In today’s Washington Post, Robert Kagan claims President Obama “has a once-in-a-generation opportunity” to achieve a measurable degree of peace in the world.  And the solution?  Regime change in Iran.

He writes:

Given the role that the Islamic theocracy in Tehran has played in leading and sponsoring anti-democratic, anti-liberal and anti-Western fanaticism for the past three decades, the toppling or even substantial reform of that regime would be second only to the collapse of the Soviet Union in its ideological and geopolitical ramifications.

I wish I could take this seriously, since he called with Bill Kristol for the same thing in Iraq 11 years before:

An effective military campaign combined with a political strategy to support the broad opposition forces in Iraq could well bring his regime down faster than many imagine.
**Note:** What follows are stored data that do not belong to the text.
Lemma closed_formE a : p a = (2 ^+ d)^-1 * clique_prod xi cs K a.
Proof.
rewrite /closed_form.
have -> : \prod_(1 <= j < K) fmarg R n (S j) a = \prod_(j < K) fmarg R n (S j) a.
  rewrite -(big_mkord predT (fun j => fmarg R n (S j) a)) (big_ltn size_cs_gt0).
  by rewrite fmargE separator0 cards0 cmarg0 invr1 mulr1 mul1r.
rewrite -prodf_div (eq_bigr (fun j : 'I_K =>
  (2 ^+ (#|C j| - #|S j|))^-1 * (cm (C j) a / cm (S j) a))) => [|j _].
  by rewrite big_split /= prodfV prodrXr (sum_card_nth_separator cs_perfect).
have SC := subset_leq_card (separator_subl cs j).
have Sj_neq0 := gt_eqF (cmarg_separator_gt0 (ltn_ord j) a).
rewrite !fmargE -{1}(subnK SC) exprD; field.
by rewrite Sj_neq0 !expf_neq0 // pnatr_eq0.
Qed.

Lemma closed_form_gt0 a : 0 < p a.
Proof. by rewrite closed_formE mulr_gt0 ?invr_gt0 ?two_expr_gt0 ?clique_prod_gt0. Qed.

Lemma xi_hatC s t : xi s t = xi t s.
Proof. by rewrite /xi_hat; congr (_ * _); apply: eq_bigr => a _; rewrite addbC. Qed.

Lemma closed_form_sum_sgn2 s t : s != t -> e s t -> \sum_a p a * sgn2 R s t a = xi s t.
Proof.
move=> st est; have [m mK stC] := complete_sub_nth cs_perfect (complete2 e_simple.1 est).
have sC : s \in C m by apply: (subsetP stC); rewrite !inE eqxx.
have tC : t \in C m by apply: (subsetP stC); rewrite !inE eqxx orbT.
under eq_bigr do rewrite closed_formE -mulrA.
rewrite -[LHS]mulr_sumr (sum_clique_prod_clique running_intersection cmarg_nth_gt0 mK).
  by rewrite sum_cmarg_sgn2 ?mulKf ?two_expr_neq0 // xi_hatC.
exact: (depends_onS stC (@sgn2_depends _ _ s t)).
Qed.

Lemma closed_form_sum : \sum_a p a = 1.
Proof.
under eq_bigr do rewrite closed_formE -[clique_prod _ _ _ _]mulr1.
rewrite -[LHS]mulr_sumr.
rewrite (sum_clique_prod_clique running_intersection cmarg_nth_gt0 size_cs_gt0) //.
under eq_bigr do rewrite mulr1.
rewrite -(sum_avg setT) (eq_bigr (fun _ => 1)) => [|a _]; last first.
  by rewrite avg_cmarg setDT cmarg0.
by rewrite sum_cell_const mulr1 mulVf ?two_expr_neq0.
Qed.

Lemma closed_form_palindromic : palindromic p.
Proof.
move=> a; rewrite !closed_formE; congr (_ * _).
by apply: eq_bigr => j _; rewrite !cmarg_compl_cell.
Qed.

Lemma ln_closed_form a : ln (p a) =
  ln ((2 ^+ d)^-1) + \sum_(j < K) (ln (cm (C j) a) - ln (cm (S j) a)).
Proof.
have [Cpos Spos] := (cmarg_nth_gt0, cmarg_separator_gt0).
rewrite closed_formE lnM ?posrE ?invr_gt0 ?two_expr_gt0 ?clique_prod_gt0 //; congr (_ + _).
rewrite /clique_prod ln_prod => [|j _]; last by rewrite divr_gt0 ?Cpos ?Spos.
by apply: eq_bigr => j _; rewrite ln_div ?posrE ?Cpos ?Spos.
Qed.

Lemma sum_chi_ln_closed_form (b : {set 'I_d}) :
  (forall j, (j < K)%N -> ~~ (b \subset C j)) -> \sum_a chi R b a * ln (p a) = 0.
Proof.
move=> b_notin; have b_neq0 : ~~ (b \subset set0).
  by apply: contra (b_notin 0 size_cs_gt0) => /subset_trans; apply; apply: sub0set.
under eq_bigr do rewrite ln_closed_form mulrDr mulr_sumr.
rewrite big_split /= (sum_chi_depends (C := set0)) // add0r exchange_big /= big1 // => j _.
under eq_bigr do rewrite mulrBr.
have b_notinS : ~~ (b \subset S j).
  by apply: contra (b_notin j (ltn_ord j)) => /subset_trans; apply; apply: separator_subl.
rewrite sumrB (sum_chi_depends (C := C j)) ?b_notin //; last first.
  by move=> a a' /(cmarg_depends xi) ->.
by rewrite (sum_chi_depends (C := S j)) ?subrr // => a a' /(cmarg_depends xi) ->.
Qed.

Lemma closed_form_pal_ising : pal_ising e p.
Proof.
have [_ clique_le3] := e_max3.
split.
- by split; [apply: closed_form_gt0 | apply: closed_form_sum].
- exact: closed_form_palindromic.
- move=> b b_ge3; apply/eqP; rewrite lambda_eq0; apply/eqP.
  have [b_odd|b_even] := boolP (odd #|b|).
    apply: (sum_chi_palindromic (F := fun a => ln (p a))) => // a.
    by rewrite [in RHS]closed_form_palindromic.
  apply: sum_chi_ln_closed_form => j jK; apply/negP => /subset_leq_card.
  have := clique_le3 _ (clique_nth cs_perfect jK); move: b_ge3 b_even; lia.
- move=> s t st est; apply/eqP; rewrite lambda_eq0; apply/eqP.
  apply: sum_chi_ln_closed_form => j jK; apply/negP => stC.
  have [C_complete _] := clique_nth cs_perfect jK.
  by move: est; rewrite C_complete // (subsetP stC) // !inE eqxx ?orbT.
Qed.

Lemma sum_residual_chi (b : {set 'I_d}) :
  (b = set0 \/ exists s t, [/\ s != t, e s t & b = [set s; t]]) ->
  \sum_a ((n a)%:R - N * p a) * chi R b a = 0.
Proof.
case=> [->|[s [t [st est ->]]]].
  under eq_bigr do rewrite /chi big_set0 mulr1.
  by rewrite sumrB -natr_sum -mulr_sumr closed_form_sum mulr1 subrr.
under eq_bigr do rewrite chi_pair // mulrBl -mulrA.
rewrite sumrB -mulr_sumr closed_form_sum_sgn2 // /xi_hat mulrA.
rewrite mulfV ?mul1r ?pnatr_eq0 -?lt0n //.
by apply/eqP; rewrite subr_eq0; apply/eqP/eq_bigr => a _; rewrite mulrC.
Qed.
(* An atom x of P, i.e. a point of positive mass, has a forward orbit of full
   measure by ergodicity; hence x is periodic, of exact period s say, and P is
   uniform on the s points of its cycle.  This gives (ii), and conversely
   B = {x} satisfies (i) since the returns P({x} `&` T^-i C) are s-periodic.
   If B satisfies (i) and p = P(B), an atom exists: otherwise, the space being
   standard, B splits into finitely many pieces C_j of mass at most p^3/2, and
   P(B `&` T^-i B) <= sum_j P(B `&` T^-i C_j)
                  <= (p^3/2)^(1/2) sum_j P^(1/2)(B `&` T^-i C_j);
   averaging over i, with Jensen's inequality on the left and (i) for B and
   for each C_j, gives p^3 <= p^3/2.  Finally, for an atom x in B the returns
   P(B `&` T^-i {x}) are s-periodic with period sum P(B), so (i) for C = {x}
   gives P(B) P{x} <= P^(1/2)(B) P^(1/2){x} P{x}, i.e. P(B) <= P{x}; and all
   atoms have the same mass 1/r. *)

Lemma cesaro_periodic (R : realType) (u : R^nat) s : (0 < s)%N ->
  (forall i, u (s + i)%N = u i) ->
  (fun n : nat => n%:R^-1 * \sum_(i < n) u i) @ \oo --> (\sum_(i < s) u i) / s%:R.
Proof.
move=> s_gt0 u_per; set L := (\sum_(i < s) u i) / s%:R.
have s_neq0 : s%:R != 0 :> R by rewrite pnatr_eq0 -lt0n.
pose v n := \sum_(i < n) u i - n%:R * L.
have v_per n : v (s + n)%N = v n.
  rewrite /v big_split_ord /= (eq_bigr (fun i : 'I_n => u i)); last first.
    by move=> i _; rewrite u_per.
  by rewrite natrD mulrDl /L mulrCA mulfV // mulr1; ring.
pose M := \sum_(i < s) `|v i|.
have v_bounded n : `|v n| <= M.
  elim/ltn_ind: n => n IH; have [ns|sn] := ltnP n s.
    by rewrite /M (bigD1 (Ordinal ns)) //= lerDl sumr_ge0.
  by rewrite -(subnKC sn) v_per IH // ltn_subrL s_gt0 (leq_trans s_gt0 sn).
apply/cvgrPdist_le => e e_gt0; near=> n.
have n_gt0 : (0 : R) < n%:R by rewrite ltr0n; near: n; exact: nbhs_infty_gt.
have -> : L - n%:R^-1 * \sum_(i < n) u i = - (v n / n%:R).
  by rewrite /v; field; rewrite gt_eqF.
rewrite normrN normrM normfV (gtr0_norm n_gt0) ler_pdivrMr // (le_trans (v_bounded n)) //.
by rewrite mulrC -ler_pdivrMr //; near: n; exact: nbhs_infty_ger.
Unshelve. all: end_near. Qed.
Definition stably_continuous (C : S -> Prop) : Prop :=
  continuous C /\ wb_multiplicative C.

Definition allS (_ : S) : Prop := True.

Definition mirror : Prop :=
  forall D, directed idem D -> (exists s, is_sup idem D s) ->
    exists s, is_sup allS D s.

End Defs.

(* The whole argument rests on one characterisation: when Σ is stably
   continuous and S is a mirror semigroup, t ≪ s holds in S iff t ≤ s and
   t*t ≪ s*s holds in Σ.  Its two ingredients are that a directed family of
   idempotents has the same supremum in Σ and in S (mirror property), and
   that left translation by any s maps such a supremum u to the supremum s u
   of the translated family.  The approximants of s are then the s x with
   x ≪ s*s, and multiplicativity of ≪ in S reduces to Σ through the identity
   (st)*(st) = t* (s*s) t, using that conjugation by r preserves ≪ below rr*.
   Conversely, for idempotents the way-below relations of S and Σ coincide,
   which gives the direction from S to Σ. *)

From Stdlib Require Import IndefiniteDescription.

Section InverseSemigroup.
Context {S : Type} (mul : S -> S -> S) (HS : inverse_semigroup mul).
Local Infix "∙" := mul (at level 40, left associativity).
Local Infix "≼" := (ileq mul) (at level 70).
Local Notation Sigma := (idem mul).

Lemma mulA x y z : x ∙ (y ∙ z) = x ∙ y ∙ z.
Proof. apply (proj1 HS). Qed.

Ltac reassoc := repeat rewrite mulA.

Definition is_inverse s t := s ∙ t ∙ s = s /\ t ∙ s ∙ t = t.

Lemma inverse_exists s : exists t, is_inverse s t.
Proof. destruct (proj2 HS s) as [t [Ht _]]. exists t. exact Ht. Qed.

Lemma inverse_unique s t1 t2 : is_inverse s t1 -> is_inverse s t2 -> t1 = t2.
Proof.
  intros H1 H2. destruct (proj2 HS s) as [t [_ U]].
  rewrite <- (U t1 H1), <- (U t2 H2). reflexivity.
Qed.

Definition star (s : S) : S :=
  proj1_sig (constructive_indefinite_description _ (inverse_exists s)).

Local Notation dom s := (star s ∙ s).
Local Notation ran s := (s ∙ star s).

Lemma star_inverse s : is_inverse s (star s).
Proof. unfold star. destruct (constructive_indefinite_description _ _). assumption. Qed.

Lemma ran_mul s : ran s ∙ s = s.
Proof. apply star_inverse. Qed.

Lemma dom_mul_star s : dom s ∙ star s = star s.
Proof. apply star_inverse. Qed.

Lemma mul_ran_mul a s : a ∙ s ∙ star s ∙ s = a ∙ s.
Proof. rewrite <- !mulA, (mulA s), ran_mul. reflexivity. Qed.

Lemma mul_dom_mul_star a s : a ∙ star s ∙ s ∙ star s = a ∙ star s.
Proof. rewrite <- !mulA, (mulA (star s)), dom_mul_star. reflexivity. Qed.

Lemma mul_idem_idem a e : Sigma e -> a ∙ e ∙ e = a ∙ e.
Proof. intro He. rewrite <- mulA, He. reflexivity. Qed.

Lemma idem_inverse e : Sigma e -> is_inverse e e.
Proof. intro He. unfold is_inverse. rewrite He, He. split; reflexivity. Qed.

(* The inverse x of ef satisfies x = f x e by uniqueness, which makes x
   idempotent; then ef, being the inverse of the idempotent x, equals x. *)
Lemma idem_mul e f : Sigma e -> Sigma f -> Sigma (e ∙ f).
Proof.
  intros He Hf. unfold idem in *.
  set (x := star (e ∙ f)).
  assert (Hx : is_inverse (e ∙ f) x) by apply star_inverse.
  assert (Hfxe : is_inverse (e ∙ f) (f ∙ x ∙ e)).
  { destruct Hx as [H1 H2]. split.
    - transitivity (e ∙ f ∙ x ∙ (e ∙ f)); [|exact H1].
      reassoc. rewrite <- (mulA e f f), Hf, <- (mulA _ e e), He. reflexivity.
    - transitivity (f ∙ (x ∙ (e ∙ f) ∙ x) ∙ e); [|rewrite H2; reflexivity].
      reassoc. rewrite <- (mulA _ e e), He, <- (mulA _ f f), Hf. reflexivity. }
  assert (Ex : x = f ∙ x ∙ e) by exact (inverse_unique _ _ _ Hx Hfxe).
  assert (Ix : Sigma x).
  { unfold idem. transitivity (f ∙ (x ∙ (e ∙ f) ∙ x) ∙ e).
    - rewrite Ex at 1 2. reassoc. reflexivity.
    - rewrite (proj2 Hx). symmetry. exact Ex. }
  assert (Eef : e ∙ f = x).
  { apply (inverse_unique x).
    - split; [exact (proj2 Hx) | exact (proj1 Hx)].
    - apply idem_inverse, Ix. }
  rewrite Eef. exact Ix.
Qed.

Lemma idem_comm e f : Sigma e -> Sigma f -> e ∙ f = f ∙ e.
Proof.
  intros He Hf.
  pose proof (idem_mul e f He Hf) as Ief. pose proof (idem_mul f e Hf He) as Ife.
  unfold idem in *.
  apply (inverse_unique (e ∙ f)); [apply idem_inverse, Ief|split].
  - reassoc. rewrite <- (mulA e f f), Hf, <- (mulA _ e e), He, <- mulA. exact Ief.
  - reassoc. rewrite <- (mulA f e e), He, <- (mulA _ f f), Hf, <- mulA. exact Ife.
Qed.

Lemma mul_idem_comm a e f : Sigma e -> Sigma f -> a ∙ e ∙ f = a ∙ f ∙ e.
Proof. intros He Hf. rewrite <- !mulA, (idem_comm e f He Hf). reflexivity. Qed.

Lemma star_idem e : Sigma e -> star e = e.
Proof. intro He. apply (inverse_unique e); [apply star_inverse|apply idem_inverse, He]. Qed.

Lemma starK s : star (star s) = s.
Proof.
  apply (inverse_unique (star s)); [apply star_inverse|].
  split; [apply dom_mul_star|apply ran_mul].
Qed.

Lemma idem_ran s : Sigma (ran s).
Proof. unfold idem. rewrite mulA, ran_mul. reflexivity. Qed.

Lemma idem_dom s : Sigma (dom s).
Proof. unfold idem. rewrite mulA, dom_mul_star. reflexivity. Qed.

Lemma dom_idem e : Sigma e -> dom e = e.
Proof. intro He. rewrite star_idem by exact He. exact He. Qed.

Lemma star_mul s t : star (s ∙ t) = star t ∙ star s.
Proof.
  apply (inverse_unique (s ∙ t)); [apply star_inverse|split].
  - transitivity (s ∙ ran t ∙ dom s ∙ t); [reassoc; reflexivity|].
    rewrite <- (mulA s), (idem_comm _ _ (idem_ran t) (idem_dom s)).
    reassoc. rewrite ran_mul, mul_ran_mul. reflexivity.
  - transitivity (star t ∙ dom s ∙ ran t ∙ star s); [reassoc; reflexivity|].
    rewrite <- (mulA (star t)), (idem_comm _ _ (idem_dom s) (idem_ran t)).
    reassoc. rewrite dom_mul_star, mul_dom_mul_star. reflexivity.
Qed.

Lemma dom_mul s t : dom (s ∙ t) = star t ∙ dom s ∙ t.
Proof. rewrite star_mul. reassoc. reflexivity. Qed.

Lemma idem_conj x f : Sigma f -> Sigma (star x ∙ f ∙ x).
Proof.
  intro Hf. unfold idem.
  transitivity (star x ∙ f ∙ ran x ∙ f ∙ x); [reassoc; reflexivity|].
  rewrite (mul_idem_comm _ _ _ Hf (idem_ran x)).
  reassoc. rewrite dom_mul_star, mul_idem_idem by exact Hf. reflexivity.
Qed.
And Iraq’s Arab neighbors are more likely to support a military effort to remove him than an ineffectual bombing raid that leaves a dangerous man in power.

This is well-trod ground. What is interesting (at least in this particular op-ed) is that Kagan isn’t calling for military strikes:

With tougher sanctions, public support from Obama and other Western leaders, and programs to provide information and better communications to reformers, the possibility for change in Iran may never be better.

“Programs to provide information?”  “Better communications to reformers?”  What happened?   Vintage sturm-und-drang 1998 Kagan said things like:

Four heavy divisions and two airborne divisions are available for deployment. The President should act, and Congress should support him in the only policy that can succeed.

Maybe he’s mellowed out.  Or perhaps Kagan has realized that the policies he argued for in the last decade has severely constrained US choices in the Middle East.